Illegal crypto mining attacks surge in Singapore, experts blame COVID-19

Singapore is considered as an IT hub; however, hackers are taking advantage of the country’s tech infrastructure to hijack several computers for illegal crypto mining. According to Kaspersky, a cybersecurity company based in Russia, the attacks had increased in the early months of this year.

Singapore records illegal crypto mining attacks

From January to March, Kaspersky said it was able to block at least 11,700 cryptojacking attacks launched on computer systems in Singapore for illegal crypto mining. The total number of blocked attacks represents a threefold increment when compared to the cryptojacking attacks it blocked last year.

Mr. Yeo Siang Tiong, an official at Kaspersky, said on Wednesday that Singapore has an increase in illegal crypto mining attacks. This is due to the internet speed, and advanced technological infrastructure in the country, which supply hijackers a rich bandwidth to carry out their activities.

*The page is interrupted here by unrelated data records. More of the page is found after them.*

(* Consider an $N$-player quadratic game with costs $J_m(x)=\frac12 x^\top Q_m x+b_m^\top x+p_m$, where $Q_m\in\mathbb{R}^{N\times N}$ is symmetric, $b_m\in\mathbb{R}^N$, $p_m\in\mathbb{R}$. Let players $1,\dots,n$ be deceptive, each $i\in[n]$ deceiving a nonempty set $\mathcal{D}_i\subset[N]\setminus\{i\}$, and let $\delta=(\delta_1,\dots,\delta_n)\in\mathbb{R}^n$ be fixed. Let $\bar\omega_1,\dots,\bar\omega_N$ be pairwise distinct positive rationals, $T>0$ a common period of all $\sin(\bar\omega_m\tau)$, and $\tilde\mu$ defined by $\tilde\mu_m(\tau)=\sin(\bar\omega_m\tau)+\delta_m\sum_{j\in\mathcal{D}_m}\sin(\bar\omega_j\tau)$ for $m\in[n]$ and $\tilde\mu_m(\tau)=\sin(\bar\omega_m\tau)$ for $m\notin[n]$. Then for every $a>0$, $k>0$, $u\in\mathbb{R}^N$ and $m\in[N]$, $$\frac{1}{T}\int_0^T -\frac{2k}{a}J_m\big(u+a\tilde\mu(\tau)\big)\sin(\bar\omega_m\tau)\,d\tau=-k\big(\mathcal{Q}_\delta u+\mathcal{B}_\delta\big)_m$$ exactly (with no remainder term), where $\mathcal{Q}_\delta\in\mathbb{R}^{N\times N}$ has $m$-th row $(Q_m)_{m:}+\sum_{j\in[n]:\,m\in\mathcal{D}_j}\delta_j (Q_m)_{j:}$ and $\mathcal{B}_\delta\in\mathbb{R}^N$ has $m$-th entry $(b_m)_m+\sum_{j\in[n]:\,m\in\mathcal{D}_j}\delta_j (b_m)_j$.
   Context: For a matrix $Q$, $(Q)_{j:}$ denotes its $j$-th row; for a vector $b$, $(b)_j$ its $j$-th entry. *)

From HB Require Import structures.
From mathcomp Require Import all_boot all_order all_algebra.
From mathcomp Require Import all_classical all_reals all_analysis.
Set Implicit Arguments. Unset Strict Implicit. Unset Printing Implicit Defensive.
Import Order.TTheory GRing.Theory Num.Theory.
Import numFieldNormedType.Exports.
Local Open Scope ring_scope.

(* Players are indexed by 'I_N; the deceptive players 1..n are the
   ordinals widen_ord hn j for j : 'I_n (i.e. the first n players). *)

Definition Jcost (R : realType) (N : nat) (Q : 'I_N -> 'M[R]_N)
  (b : 'I_N -> 'cV[R]_N) (p : 'I_N -> R) (m : 'I_N) (x : 'cV[R]_N) : R :=
  2^-1 * (x^T *m Q m *m x) ord0 ord0 + ((b m)^T *m x) ord0 ord0 + p m.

The hijackers utilize several strategies to launch their program on the victims’ computer system, which is solely for illegal crypto mining. Per the Kaspersky’s official, the attackers make profits through the unauthorized mining activity but would bypass paying electricity fees. 

As per Yeo, the attackers mostly deploy social engineering tactics, such as fake page addresses, and emails to install their crypto hacking tools on the computers of unsuspecting victims. 

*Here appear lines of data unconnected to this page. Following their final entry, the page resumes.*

Lemma transl_tiling (C : {set point n}) (x : point n) :
  t_perfect_code C t -> lee_tiling t (transl x C).
Proof.
case=> d [[_ dC] le_d _ coverC]; split.
  move=> p; have [c cC pc] := coverC (p.1 - x.1, p.2 - x.2).
  exists (x.1 + c.1, x.2 + c.2); first exact: imset_f.
  move: pc; rewrite !inE -(leeD_transl x (p.1 - x.1, p.2 - x.2)) /=.
  by rewrite !subrKC -surjective_pairing.
apply: ball_unique => _ _ /imsetP[c cC ->] /imsetP[c' c'C ->] neq.
rewrite leeD_transl; apply: leq_trans le_d (dC _ _ cC c'C _).
by apply: contraNneq neq => ->.
Qed.

Lemma palette_ball (C : {set point n}) p c :
  lee_tiling t C -> c \in C -> p \in ball n t c -> palette t C p = Some c.
Proof.
move=> [_ uniqC] cC pc; rewrite /palette.
case: pickP => [c' /andP[c'C pc'] | noC]; first by rewrite (uniqC c' c c'C cC p).
by move: (noC c); rewrite cC pc.
Qed.

Lemma orthogonal_palette_comp (C : {set point n}) (phi : point n -> point n)
    (S S' : grid n) :
    lee_tiling t C -> injective phi -> {in C, forall c, phi c \in C} ->
    (forall p q, leeD n (phi p) (phi q) = leeD n p q) ->
    (forall p, S' p = S (phi p)) ->
  Defs.orthogonal (fun p => S p) (palette t C) ->
  Defs.orthogonal (fun p => S' p) (palette t C).
Proof.
move=> tileC inj_phi phiC isom_phi S'E orthS p q /=.
have [coverC _] := tileC; have [c cC pc] := coverC p; have [c' c'C qc'] := coverC q.
have phi_ball r c'' : c'' \in C -> r \in ball n t c'' ->
    palette t C (phi r) = Some (phi c'').
  move=> c''C rc''; apply: palette_ball tileC (phiC _ c''C) _.
  by move: rc''; rewrite !inE isom_phi.
rewrite !S'E (palette_ball tileC cC pc) (palette_ball tileC c'C qc') => -[eS ecc'].
apply: inj_phi; apply: orthS; rewrite /= eS.
by rewrite (phi_ball _ _ cC pc) (phi_ball _ _ c'C qc') ecc'.
Qed.

End Tiling.

Section CyclicCodeRotation.
Variables (n : nat) (C0 : {set point n}) (a b : 'Z_n).
Hypotheses (linC0 : linear_code C0) (genC0 : gen_row C0 a b).

Lemma linear_code_cyclic (w : point n) :
  w \in C0 -> injective (fun k : 'Z_n => (k * w.1, k * w.2)) ->
  C0 = [set (k * w.1, k * w.2) | k : 'Z_n].
Proof.
move=> wC inj_w; have [_ _ scaleC] := linC0.
apply/esym/eqP; rewrite eqEcard; apply/andP; split.
  by apply/subsetP => _ /imsetP[k _ ->]; apply: scaleC.
by rewrite card_imset //; case: genC0 => -> _; apply: leq_imset_card.
Qed.

Lemma linear_code_rot_closed (T e : 'Z_n) :
    e * e = 1 -> 2 * T ^+ 2 + 2 * T + 1 = 0 -> (T, e * (1 + T)) \in C0 ->
  {in C0, forall c, (- c.2, c.1) \in C0}.
Proof.
move=> ee1 normT wC.
have inj_w : injective (fun k => (k * T, k * (e * (1 + T)))).
  move=> k k' /= /pair_equal_spec[kT k1T].
  have kE (l : 'Z_n) : l = e * (l * (e * (1 + T))) - l * T by ring: ee1.
  by rewrite (kE k) (kE k') kT k1T.
(* Modulo 2T^2 + 2T + 1 = 0, multiplication by m maps w to its rotation. *)
pose m := e * (2 * T + 1).
have rotE (k : 'Z_n) :
    (- (k * (e * (1 + T))), k * T) = (k * m * T, k * m * (e * (1 + T))).
  congr pair; apply: subr0_eq.
    by rewrite -(mulr0 (- (k * e))) -normT /m; ring.
  by rewrite -(mulr0 (- k)) -normT /m; ring: ee1.
rewrite (linear_code_cyclic wC inj_w) => _ /imsetP[k _ ->].
by apply/imsetP; exists (k * m); last exact: rotE.
Qed.

End CyclicCodeRotation.

Section CoveringCodewords.
Variables (t n : nat) (C0 : {set point n}).
Hypotheses (t_gt0 : (0 < t)%N) (nE : n = (2 * t ^ 2 + 2 * t + 1)%N).
Hypotheses (C0_0 : (0, 0) \in C0)
  (sepC0 : {in C0 &, forall c c', c != c' -> (2 * t + 1 <= leeD n c c')%N})
  (coverC0 : forall p : point n, exists2 c, c \in C0 & p \in ball n t c).

Let n_gt1 : (1 < n)%N. Proof. by rewrite nE; lia. Qed.
Let n_gt_2t2 : (2 * t + 2 < n)%N. Proof. by rewrite nE; nia. Qed.

Lemma codeword_covering_t_unit (s : int) (c : point n) :
    `|s|%N = 1%N -> c \in C0 -> (leeD n ((t%:Z)%:~R, s%:~R) c <= t)%N ->
  exists U W : int, [/\ c = ((t%:Z - U)%:~R, (s - W)%:~R), (`|U| + `|W| <= t)%N
                      & (2 * t + 1 <= `|t%:Z - U| + `|s - W|)%N].
Proof.
move=> s1 cC0 near_c.
have [U eU lU] := leeZ_attained n_gt1 ((t%:Z)%:~R - c.1).
have [W eW lW] := leeZ_attained n_gt1 (s%:~R - c.2).
have c1E : c.1 = (t%:Z - U)%:~R by rewrite intrB -eU; ring.
have c2E : c.2 = (s - W)%:~R by rewrite intrB -eW; ring.
have UW_le : (`|U| + `|W| <= t)%N by move: near_c; rewrite /leeD /leeW /= lU lW.
exists U, W; split => //; first by rewrite -c1E -c2E -surjective_pairing.
(* (t, s) is at distance t + 1 from 0, so c <> 0 and c has weight >= 2t + 1. *)
have c_neq0 : c != (0, 0).
  apply/eqP => c0; move: c1E c2E; rewrite c0 /=.
  by move=> /esym/(intr_Zn_eq0 n_gt1) tU /esym/(intr_Zn_eq0 n_gt1) sW; lia.
have := sepC0 cC0 C0_0 c_neq0; rewrite /leeD /leeW /= !subr0 c1E c2E.
by have := leeZ_intr n_gt1 (t%:Z - U); have := leeZ_intr n_gt1 (s - W); lia.
Qed.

Notably, mining digital currencies, like Bitcoin, is a very complex activity that requires high computational power, which incurs high electricity bills. Hence, the cyber attackers would launch their miner programs on people’s devices, to avoid paying the expensive mining cost, while still saving their resources.

How Coronavirus pandemic influenced cybercrime

Additionally, the rising reports on cryptojacking in the country is related to the fact that most people now work from home, said Mr. K.K. Lim, a cybersecurity expert. 

Most people have been forced to work with their personal computers at home amid the Coronavirus. This raises their chances of being vulnerable to such attacks, as these computers are usually not updated for security.

The experts conclusively warned the residents to maintain good cyber hygiene, and always look out for common signs that show their computer might be used for illegal crypto mining.